-- What you need to do --
Copy every line below that has the word "boolP" in it.

Data listing START

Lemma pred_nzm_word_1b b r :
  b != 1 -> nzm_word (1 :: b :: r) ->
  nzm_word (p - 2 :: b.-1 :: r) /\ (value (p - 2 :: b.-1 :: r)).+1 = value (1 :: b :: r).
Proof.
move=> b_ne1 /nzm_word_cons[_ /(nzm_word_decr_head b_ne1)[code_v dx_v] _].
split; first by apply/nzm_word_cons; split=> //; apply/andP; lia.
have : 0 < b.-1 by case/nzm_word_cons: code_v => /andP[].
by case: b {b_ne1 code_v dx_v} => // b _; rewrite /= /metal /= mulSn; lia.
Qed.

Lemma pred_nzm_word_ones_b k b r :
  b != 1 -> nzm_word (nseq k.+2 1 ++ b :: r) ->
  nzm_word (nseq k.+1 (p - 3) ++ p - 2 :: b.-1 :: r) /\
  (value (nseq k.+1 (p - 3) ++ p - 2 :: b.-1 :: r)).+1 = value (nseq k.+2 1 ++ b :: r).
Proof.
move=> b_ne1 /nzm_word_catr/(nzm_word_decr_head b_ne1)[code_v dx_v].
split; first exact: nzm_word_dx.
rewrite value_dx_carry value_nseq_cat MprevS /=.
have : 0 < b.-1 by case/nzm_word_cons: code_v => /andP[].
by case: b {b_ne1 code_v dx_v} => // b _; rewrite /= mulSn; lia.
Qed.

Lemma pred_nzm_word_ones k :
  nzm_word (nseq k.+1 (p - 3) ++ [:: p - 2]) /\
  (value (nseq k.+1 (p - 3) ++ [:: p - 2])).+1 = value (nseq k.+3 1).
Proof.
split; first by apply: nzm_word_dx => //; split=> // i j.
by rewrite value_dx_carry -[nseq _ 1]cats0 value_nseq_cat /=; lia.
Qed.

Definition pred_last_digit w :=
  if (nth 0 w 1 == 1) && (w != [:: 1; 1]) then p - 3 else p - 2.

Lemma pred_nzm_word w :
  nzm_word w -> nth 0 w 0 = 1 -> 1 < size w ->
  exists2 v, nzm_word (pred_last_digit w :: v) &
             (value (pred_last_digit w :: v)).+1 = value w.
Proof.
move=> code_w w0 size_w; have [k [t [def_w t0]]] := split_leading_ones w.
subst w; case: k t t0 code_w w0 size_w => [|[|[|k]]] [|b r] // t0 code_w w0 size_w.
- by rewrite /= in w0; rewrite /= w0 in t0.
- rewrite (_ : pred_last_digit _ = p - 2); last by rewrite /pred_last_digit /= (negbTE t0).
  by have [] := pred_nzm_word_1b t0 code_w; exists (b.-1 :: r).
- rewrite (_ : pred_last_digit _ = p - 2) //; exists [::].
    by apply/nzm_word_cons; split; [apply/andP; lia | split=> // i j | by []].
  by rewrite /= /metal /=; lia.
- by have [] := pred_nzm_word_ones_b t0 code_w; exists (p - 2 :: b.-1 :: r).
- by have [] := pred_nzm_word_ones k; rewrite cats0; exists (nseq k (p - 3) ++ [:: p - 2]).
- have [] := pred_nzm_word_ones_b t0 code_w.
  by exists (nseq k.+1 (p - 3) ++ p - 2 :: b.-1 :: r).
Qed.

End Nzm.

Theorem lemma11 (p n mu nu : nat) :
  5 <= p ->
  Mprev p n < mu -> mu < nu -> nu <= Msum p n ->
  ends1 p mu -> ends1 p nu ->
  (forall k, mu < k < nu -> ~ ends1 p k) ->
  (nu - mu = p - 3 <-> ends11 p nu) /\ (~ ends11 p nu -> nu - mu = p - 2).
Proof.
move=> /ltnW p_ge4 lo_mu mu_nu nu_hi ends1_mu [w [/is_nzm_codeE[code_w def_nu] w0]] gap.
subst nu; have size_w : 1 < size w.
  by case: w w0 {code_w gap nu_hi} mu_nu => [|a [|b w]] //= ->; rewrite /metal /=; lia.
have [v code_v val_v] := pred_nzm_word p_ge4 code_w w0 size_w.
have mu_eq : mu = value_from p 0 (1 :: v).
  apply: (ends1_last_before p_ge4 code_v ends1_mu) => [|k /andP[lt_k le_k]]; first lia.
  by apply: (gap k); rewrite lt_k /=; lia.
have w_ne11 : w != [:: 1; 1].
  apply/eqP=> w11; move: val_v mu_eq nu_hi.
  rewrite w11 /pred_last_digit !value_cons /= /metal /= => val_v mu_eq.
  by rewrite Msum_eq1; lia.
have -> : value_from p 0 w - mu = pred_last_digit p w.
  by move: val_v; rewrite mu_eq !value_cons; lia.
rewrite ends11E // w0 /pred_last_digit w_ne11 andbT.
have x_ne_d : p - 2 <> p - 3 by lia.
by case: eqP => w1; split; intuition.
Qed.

Data listing END
Data listing START

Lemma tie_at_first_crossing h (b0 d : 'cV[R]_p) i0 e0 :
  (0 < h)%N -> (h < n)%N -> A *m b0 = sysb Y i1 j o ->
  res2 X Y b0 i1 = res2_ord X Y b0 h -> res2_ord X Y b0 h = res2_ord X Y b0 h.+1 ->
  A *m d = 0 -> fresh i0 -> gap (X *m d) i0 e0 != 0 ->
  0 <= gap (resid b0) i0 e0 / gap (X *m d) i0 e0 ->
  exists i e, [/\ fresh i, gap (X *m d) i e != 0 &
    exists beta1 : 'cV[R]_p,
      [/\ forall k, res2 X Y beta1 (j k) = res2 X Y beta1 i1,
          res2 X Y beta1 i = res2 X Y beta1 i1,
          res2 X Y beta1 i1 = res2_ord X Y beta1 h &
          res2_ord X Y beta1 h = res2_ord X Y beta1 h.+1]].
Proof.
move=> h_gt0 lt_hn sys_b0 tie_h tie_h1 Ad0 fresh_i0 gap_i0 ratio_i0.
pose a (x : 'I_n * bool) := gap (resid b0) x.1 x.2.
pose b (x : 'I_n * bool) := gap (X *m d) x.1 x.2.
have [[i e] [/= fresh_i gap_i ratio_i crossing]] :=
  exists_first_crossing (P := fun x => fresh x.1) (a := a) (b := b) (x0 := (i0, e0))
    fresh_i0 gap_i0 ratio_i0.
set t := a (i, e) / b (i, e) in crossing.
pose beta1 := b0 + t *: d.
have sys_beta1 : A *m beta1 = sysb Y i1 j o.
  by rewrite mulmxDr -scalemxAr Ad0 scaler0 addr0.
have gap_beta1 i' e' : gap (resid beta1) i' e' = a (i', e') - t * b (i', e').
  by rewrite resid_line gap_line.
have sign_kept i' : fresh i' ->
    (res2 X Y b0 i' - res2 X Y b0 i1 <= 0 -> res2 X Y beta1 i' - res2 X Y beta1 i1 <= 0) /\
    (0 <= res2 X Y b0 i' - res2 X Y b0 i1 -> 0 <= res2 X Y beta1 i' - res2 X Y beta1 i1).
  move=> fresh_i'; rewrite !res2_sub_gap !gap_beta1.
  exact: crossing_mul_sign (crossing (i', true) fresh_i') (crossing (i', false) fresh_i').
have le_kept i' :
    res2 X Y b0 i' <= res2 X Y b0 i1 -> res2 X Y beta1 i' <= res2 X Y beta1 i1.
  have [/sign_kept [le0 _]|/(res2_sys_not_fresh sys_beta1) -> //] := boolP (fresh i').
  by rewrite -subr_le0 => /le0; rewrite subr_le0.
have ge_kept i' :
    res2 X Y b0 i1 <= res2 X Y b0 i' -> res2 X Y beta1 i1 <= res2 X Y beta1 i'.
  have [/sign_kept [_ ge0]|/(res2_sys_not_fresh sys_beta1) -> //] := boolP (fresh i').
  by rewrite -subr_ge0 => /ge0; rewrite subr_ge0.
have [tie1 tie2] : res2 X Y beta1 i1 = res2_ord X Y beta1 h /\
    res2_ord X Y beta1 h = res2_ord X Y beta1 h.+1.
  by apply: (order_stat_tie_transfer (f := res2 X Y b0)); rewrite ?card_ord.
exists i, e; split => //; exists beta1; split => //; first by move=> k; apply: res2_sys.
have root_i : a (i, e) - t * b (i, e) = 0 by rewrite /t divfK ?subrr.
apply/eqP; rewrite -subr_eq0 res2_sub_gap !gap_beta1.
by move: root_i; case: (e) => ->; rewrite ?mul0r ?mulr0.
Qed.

Data listing END

-- Problem solution --
  have [/sign_kept [le0 _]|/(res2_sys_not_fresh sys_beta1) -> //] := boolP (fresh i').
  have [/sign_kept [_ ge0]|/(res2_sys_not_fresh sys_beta1) -> //] := boolP (fresh i').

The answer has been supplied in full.